You would now be able to build many completely standalone networks, your
london, tokyo, us-east, etc collectives would be standalone and they
would run federation brokers to enable client comms. You would only need
to worry about scaling middleware to their size and not the entire
combined size.

client -> 
   MQ Cluster -> 
      Federation Broker Cluster -> 
          MQ Cluster -> 
              Regional MCollective


A client can be configured to speak to many Federation Brokers and a
Federation Broker is a daemon that is entirely stateless and you can run
as many as you like, they scale up automatically and share the message
work load. You don't need anything like etcd or consul, there's no
shared state and it stores no state on disk or memory. Ideal for HA but
for cases where many people use MCollective concurrently.

So a deployment might be:

Federation Network:

  Clients connect to a 3 x NATS cluster
  
London Network:

  5 x NATS cluster
  5 x Federation Brokers (one per NATS box for simplicity, could be 2
  per etc)

Tokyo Network:

  5 x NATS cluster
  5 x Federation Brokers (one per NATS box for simplicity, could be 2
  per etc)

etc

Every Federation broker - 10 in this case, connects to the Federation
Network. On the Federation network is only 10 subscriptions against n
queues where n is the number of networks - 2 here.

You configure:

   choria.federation.networks = london, tokyo

and 'mco ping' sends 2 messages, 1 to each of the 'london' and 'tokyo'
network. Any 1 of the 5 x Federation Brokers pick up the message and
republish it.

You can do `CHORIA_NETWORK=china mco ping` and that client automatically
becomes federation aware if it was not configured so or it switches to
only use the china network etc.

Replies will be a stream back load shared across the 5 x Federation
Brokers in each region and these will republish the message into the
Federation Network back to the client.

Your networks are standalone and can continue to talk to normal
mcollective clients run in those localities, they continue to be fully
operational traditional collectives.  You'd need to share CA infra
though for the moment, I can avoid this requirement eventually.

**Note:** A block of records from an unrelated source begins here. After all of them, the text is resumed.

Section PathPotential.
Variables (A B : Type) (R : rel A) (Q : pred A) (upd : B -> A -> B).
Variables (P : B -> A -> Prop) (pot : B -> A -> nat).
Hypothesis step : forall b I J, R I J -> Q J -> P b I ->
  P (upd b J) J /\ pot (upd b J) J <= (pot b I).+1.

Lemma path_potential s b I : path R I s -> all Q s -> P b I ->
  P (foldl upd b s) (last I s) /\ pot (foldl upd b s) (last I s) <= pot b I + size s.
Proof.
elim: s b I => [|J s IH] b I /=; first by rewrite addn0.
case/andP=> RIJ pathJ /andP[QJ Qs] PbI.
have [PJ potJ] := step RIJ QJ PbI.
have [Pend pot_end] := IH _ _ pathJ Qs PJ.
by split=> //; rewrite (leq_trans pot_end) // addnS -addSn leq_add2r.
Qed.
End PathPotential.

Section Reduction.
Variables (V : finType) (e : rel V) (k : nat) (part : V -> 'I_k).
Local Notation G := (gvert e k).
Local Notation adj := (@gadj V e k part).

Definition level (x : G) : nat :=
  match x with
  | GA _ => 0 | GP _ => 1 | GQ _ => 2 | GR _ => 3 | GX _ => 4
  | GR' _ => 5 | GQ' _ => 6 | GP' _ => 7 | GB _ => 8 | GV _ | GZ _ => 4
  end.

Lemma adj_level u w : adj u w ->
  level w + (u \in Vset e k) + (w \in Vset e k) <= (level u).+1.
Proof. by rewrite /gadj !inE; case: u => ?; case: w => ?. Qed.

Definition height (I : {set G}) := \sum_(x in I) level x.

Definition covered (I : {set G}) : {set V} := GV e k @^-1: I.

Lemma mem_covered (I : {set G}) v : (v \in covered I) = (GV e k v \in I).
Proof. by rewrite inE. Qed.

Lemma card_covered1 x : #|covered [set x]| = (x \in Vset e k).
Proof.
case: x => a; rewrite inE /=; try by apply: eq_card0 => v; rewrite !inE.
by rewrite -(cards1 a); apply: eq_card => v; rewrite !inE; apply/eqP/eqP => [[]|->].
Qed.

Lemma card_covered_slide (I : {set G}) u w : u \in I -> w \notin I ->
  #|covered I :\: covered (I :\ u :|: [set w])| <= (u \in Vset e k) /\
  #|covered (I :\ u :|: [set w]) :\: covered I| <= (w \in Vset e k).
Proof.
move=> uI wI; rewrite -!preimsetD -card_covered1 -card_covered1.
by split; apply/subset_leq_card/preimsetS/subsetP=> x; rewrite !inE;
  case: (x == u); case: (x == w); case: (x \in I).
Qed.

Definition vacate (E : {set V}) (J : {set G}) := E :|: ~: covered J.

Definition potential (E : {set V}) (I : {set G}) := height I + vacate_cost E (covered I).

Lemma slide_potential (E : {set V}) (I : {set G}) u w :
  u \in I -> w \notin I -> adj u w -> ~: covered I \subset E ->
  potential (vacate E (I :\ u :|: [set w])) (I :\ u :|: [set w]) <= (potential E I).+1.
Proof.
move=> uI wI uw vacE; have [out_u in_w] := card_covered_slide uI wI.
have height_slide : height (I :\ u :|: [set w]) + level u = height I + level w.
  exact: big_slide.
set J := I :\ u :|: [set w] in out_u in_w height_slide *.
have := vacate_cost_update (covered J) vacE.
by move: (adj_level uw); rewrite /potential /vacate; lia.
Qed.

Lemma lab_of_inj t t' (a : edgeT e) : lab_of part t a -> lab_of part t' a -> t = t'.
Proof. by move=> /eqP lab_t /eqP lab_t'; apply: val_inj; rewrite lab_t lab_t'. Qed.

Definition gadgetX (t : labT k) : {set G} :=
  [set x | match x with
           | GA t' => t' == t
           | GP a | GQ a | GR a => lab_of part t a
           | _ => false
           end].

Lemma gadgetX_exit t u w : u \in gadgetX t -> w \notin gadgetX t -> adj u w ->
  exists2 a : edgeT e, w = GX k a & lab_of part t a.
Proof.
rewrite !inE /gadj; case: u => a; case: w => b //=; rewrite ?orbF ?andbT.
- by move=> /eqP-> /negP.
- by move=> lab_a /eqP + lab_b; rewrite (lab_of_inj lab_b lab_a).
- 1,2,3,5: by move=> lab_a /negP + /eqP ab; subst.
by move=> lab_a _ /eqP ab; subst; exists b.
Qed.

Definition lab_edge_in (t : labT k) (E : {set V}) : bool :=
  [exists a : edgeT e, lab_of part t a && (val a \subset E)].

Lemma lab_edge_inS t (E E' : {set V}) :
  E \subset E' -> lab_edge_in t E -> lab_edge_in t E'.
Proof.
move=> sEE' /existsP[a /andP[lab_a sub_a]]; apply/existsP; exists a.
by rewrite lab_a (subset_trans sub_a sEE').
Qed.

Lemma slide_gadgetX (I : {set G}) u w t : u \in I -> w \notin I -> adj u w ->
  independent adj (I :\ u :|: [set w]) ->
  lab_edge_in t (~: covered (I :\ u :|: [set w])) ||
  (#|I :&: gadgetX t| <= #|(I :\ u :|: [set w]) :&: gadgetX t|).
Proof.
move=> uI wI uw indJ; have := card_slideI (gadgetX t) uI wI.
case: (boolP (u \in gadgetX t)) => u_in; case: (boolP (w \in gadgetX t)) => w_in;
  try by move=> count; apply/orP; right; lia.
have [a wa lab_a] := gadgetX_exit u_in w_in uw; move=> _.
apply/orP; left; apply/existsP; exists a; rewrite lab_a /=.
apply/subsetP=> v va; rewrite in_setC; apply: contraTN va.
rewrite mem_covered => vJ.
have wJ : w \in I :\ u :|: [set w] by rewrite !inE eqxx orbT.
move/forallP: indJ => /(_ w) /implyP /(_ wJ).
by move=> /forallP /(_ (GV e k v)) /implyP /(_ vJ); rewrite wa /gadj /= orbF.
Qed.

Definition reconf_inv (E : {set V}) (I : {set G}) : Prop :=
  ~: covered I \subset E /\
  forall t, lab_edge_in t E || (#|Sset e k :&: gadgetX t| <= #|I :&: gadgetX t|).

Lemma ts_step_reconf_inv E (I J : {set G}) :
  ts_step adj I J -> independent adj J -> reconf_inv E I ->
  reconf_inv (vacate E J) J /\ potential (vacate E J) J <= (potential E I).+1.
Proof.
case/existsP=> u /existsP[w /and4P[uI wI uw /eqP->]] indJ [vacE gadget_inv].
split; last exact: slide_potential.
split=> [|t]; first exact: subsetUr.
have [sub1 sub2] : E \subset vacate E (I :\ u :|: [set w]) /\
    ~: covered (I :\ u :|: [set w]) \subset vacate E (I :\ u :|: [set w]).
  by split; [exact: subsetUl | exact: subsetUr].
case/orP: (gadget_inv t) => [/(lab_edge_inS sub1)->//|count_S].
case/orP: (slide_gadgetX t uI wI uw indJ) => [/(lab_edge_inS sub2)->//|count_I].
by rewrite (leq_trans count_S count_I) orbT.
Qed.

Lemma covered_Sset : covered (Sset e k) = setT.
Proof. by apply/setP=> v; rewrite !inE. Qed.

Lemma covered_Tset : covered (Tset e k) = setT.
Proof. by apply/setP=> v; rewrite !inE. Qed.

Lemma card_labT : #|{: labT k}| = 'C(k, 2).
Proof.
rewrite card_sig -[in RHS](card_ord k) -card_draws.
by apply: eq_card => P; rewrite !inE.
Qed.

Lemma height_Tset : height (Tset e k) = height (Sset e k) + 8 * 'C(k, 2).
Proof.
have disjVU_XY : [disjoint Vset e k :|: Uset e k & Xset e k :|: Yset e k].
  by apply/pred0P=> x /=; rewrite !inE; case: x.
have heightU (A B : {set G}) : [disjoint A & B] -> height (A :|: B) = height A + height B.
  by move=> disjAB; rewrite /height -bigU //; apply: eq_bigl => x; rewrite !inE.
rewrite /Sset /Tset (setUAC _ (Xset e k)) (setUAC _ (Yset e k)).
rewrite (heightU _ (Xset e k)) ?(heightU _ (Yset e k)) /height;
  try by apply: disjointWr disjVU_XY; rewrite ?subsetUl ?subsetUr.
have -> : \sum_(x in Xset e k) level x = 0 by apply: big1 => x; rewrite inE; case: x.
have -> : Yset e k = [set GB e t | t : labT k].
  apply/setP=> x; rewrite inE; apply/idP/imsetP => [|[t _ ->] //].
  by case: x => // t _; exists t.
rewrite big_imset /=; last by move=> t t' _ _ [].
by rewrite sum_nat_const card_labT addn0 mulnC.
Qed.

Lemma card_gadgetX_Sset t :
  #|Sset e k :&: gadgetX t| = (#|Tset e k :&: gadgetX t|).+1.
Proof.
have -> : Sset e k :&: gadgetX t = GA e t |: (Tset e k :&: gadgetX t).
  apply/setP=> x; rewrite !inE; case: x => //= t'.
  by rewrite orbF; apply/eqP/eqP => [->|[]].
by rewrite cardsU1 !inE.
Qed.

End Reduction.

Section MulticoloredClique.
Variables (V : finType) (e : rel V) (k : nat) (part : V -> 'I_k).

Lemma exists_labT_pair (i j : 'I_k) : i != j -> exists t : labT k, val t = [set i; j].
Proof.
move=> ij; have card2 : #|[set i; j]| == 2 by rewrite cards2 ij.
by exists (exist (fun P : {set 'I_k} => #|P| == 2) _ card2).
Qed.

Lemma lab_edge_in_oriented (D : {set V}) t i j : symmetric e ->
  val t = [set i; j] -> lab_edge_in e part t D ->
  exists u v, [/\ u \in D, v \in D, e u v, part u = i & part v = j].
Proof.
move=> e_sym tij /existsP[a /andP[/eqP labA subA]].
case: a labA subA => A isA /= labA /subsetP subD.
case/existsP: isA => u /existsP[v /andP[euv /eqP A_uv]]; subst A.
move: labA; rewrite imsetU1 imset_set1 tij => ij_uv.
have uD : u \in D by apply: subD; rewrite !inE eqxx.
have vD : v \in D by apply: subD; rewrite !inE eqxx orbT.
have : i != j by have := valP t; rewrite tij cards2; case: (i != j).
have : i \in [set part u; part v] by rewrite -ij_uv !inE eqxx.
have : j \in [set part u; part v] by rewrite -ij_uv !inE eqxx orbT.
rewrite !inE => /orP[]/eqP-> /orP[]/eqP-> //; rewrite ?eqxx // => _.
- by exists v, u; rewrite e_sym.
- by exists u, v.
Qed.

Lemma multicolored_clique (D : {set V}) :
  (forall i, exists v, part v = i) -> #|D| <= k ->
  (forall i j, i != j ->
     exists u v, [/\ u \in D, v \in D, e u v, part u = i & part v = j]) ->
  exists f : 'I_k -> V,
    (forall i, part (f i) = i) /\ (forall i j, i != j -> e (f i) (f j)).
Proof.
move=> part_nonempty cardD edges.
have [k_le1 | k_gt1] := leqP k 1.
  have [f part_f] := fin_all_exists part_nonempty.
  exists f; split=> // i j; have := ltn_ord i; have := ltn_ord j.
  move=> j_lt i_lt /eqP ij; exfalso; apply: ij; apply: ord_inj; lia.
have hit i : exists2 v, v \in D & part v = i.
  have /card_gt0P[j] : 0 < #|[set~ i]| by rewrite cardsC1 card_ord; lia.
  rewrite !inE => ji; have [u [v [_ vD _ _ <-]]] := edges _ _ ji.
  by exists v.
have injD : {in D &, injective part}.
  apply/imset_injP; rewrite eqn_leq leq_imset_card /=.
  have -> : part @: D = setT.
    by apply/setP=> i; rewrite inE; have [v vD <-] := hit i; apply: imset_f.
  by rewrite cardsT card_ord.
have [f fD part_f] := fin_all_exists2 hit.
exists f; split=> // i j ij.
have [u [v [uD vD euv pu pv]]] := edges _ _ ij.
have -> : f i = u by apply: injD; rewrite ?fD ?part_f.
have -> : f j = v by apply: injD; rewrite ?fD ?part_f.
exact: euv.
Qed.

End MulticoloredClique.

Theorem lemma5p3 (V : finType) (e : rel V) (k : nat) (part : V -> 'I_k)
  (e_sym : symmetric e) (e_irr : irreflexive e)
  (part_nonempty : forall i : 'I_k, exists v, part v = i)
  (no_inner_edge : forall u v, e u v -> part u != part v)
  (m : nat) (hm : m <= 8 * 'C(k, 2) + 2 * k)
  (hseq : ts_reconf (@gadj V e k part) (@Sset V e k) (@Tset V e k) m) :
  exists f : 'I_k -> V,
    (forall i, part (f i) = i) /\ (forall i j, i != j -> e (f i) (f j)).
Proof.
case: hseq => s [size_s path_s last_s /andP[_ states_ok]].
have indep_s : all (independent (gadj part)) s.
  by apply: sub_all states_ok => I /andP[].
have inv_S : reconf_inv part set0 (Sset e k).
  by split=> [|t]; rewrite ?covered_Sset ?setCT ?sub0set // leqnn orbT.
have [[_ lab_D] pot_D] :=
  path_potential (@ts_step_reconf_inv V e k part) path_s indep_s inv_S.
rewrite last_s size_s in lab_D pot_D.
set D := foldl _ set0 s in lab_D pot_D.
have card_D : #|D| <= k.
  move: pot_D hm; rewrite /potential covered_Tset covered_Sset height_Tset /vacate_cost.
  rewrite setIT set0I cards0; lia.
apply: multicolored_clique part_nonempty card_D _ => i j ij.
have [t tij] := exists_labT_pair ij.
apply: lab_edge_in_oriented e_sym tij _.
by have := lab_D t; rewrite card_gadgetX_Sset ltnn orbF.
Qed.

In the case of direct addressing to 10k nodes where the client would
previously have to send 10k messages the client would now send 50 *
networks messages and the clusters of federation brokers will do the
hard work - load balanced across them all - to produce the 10000
messages.

In my testing this actually speeds things up a fair bit since a lot of
the hard work of making the requests are now load shared across groups
of workers, its transparent and supports all mcollective features.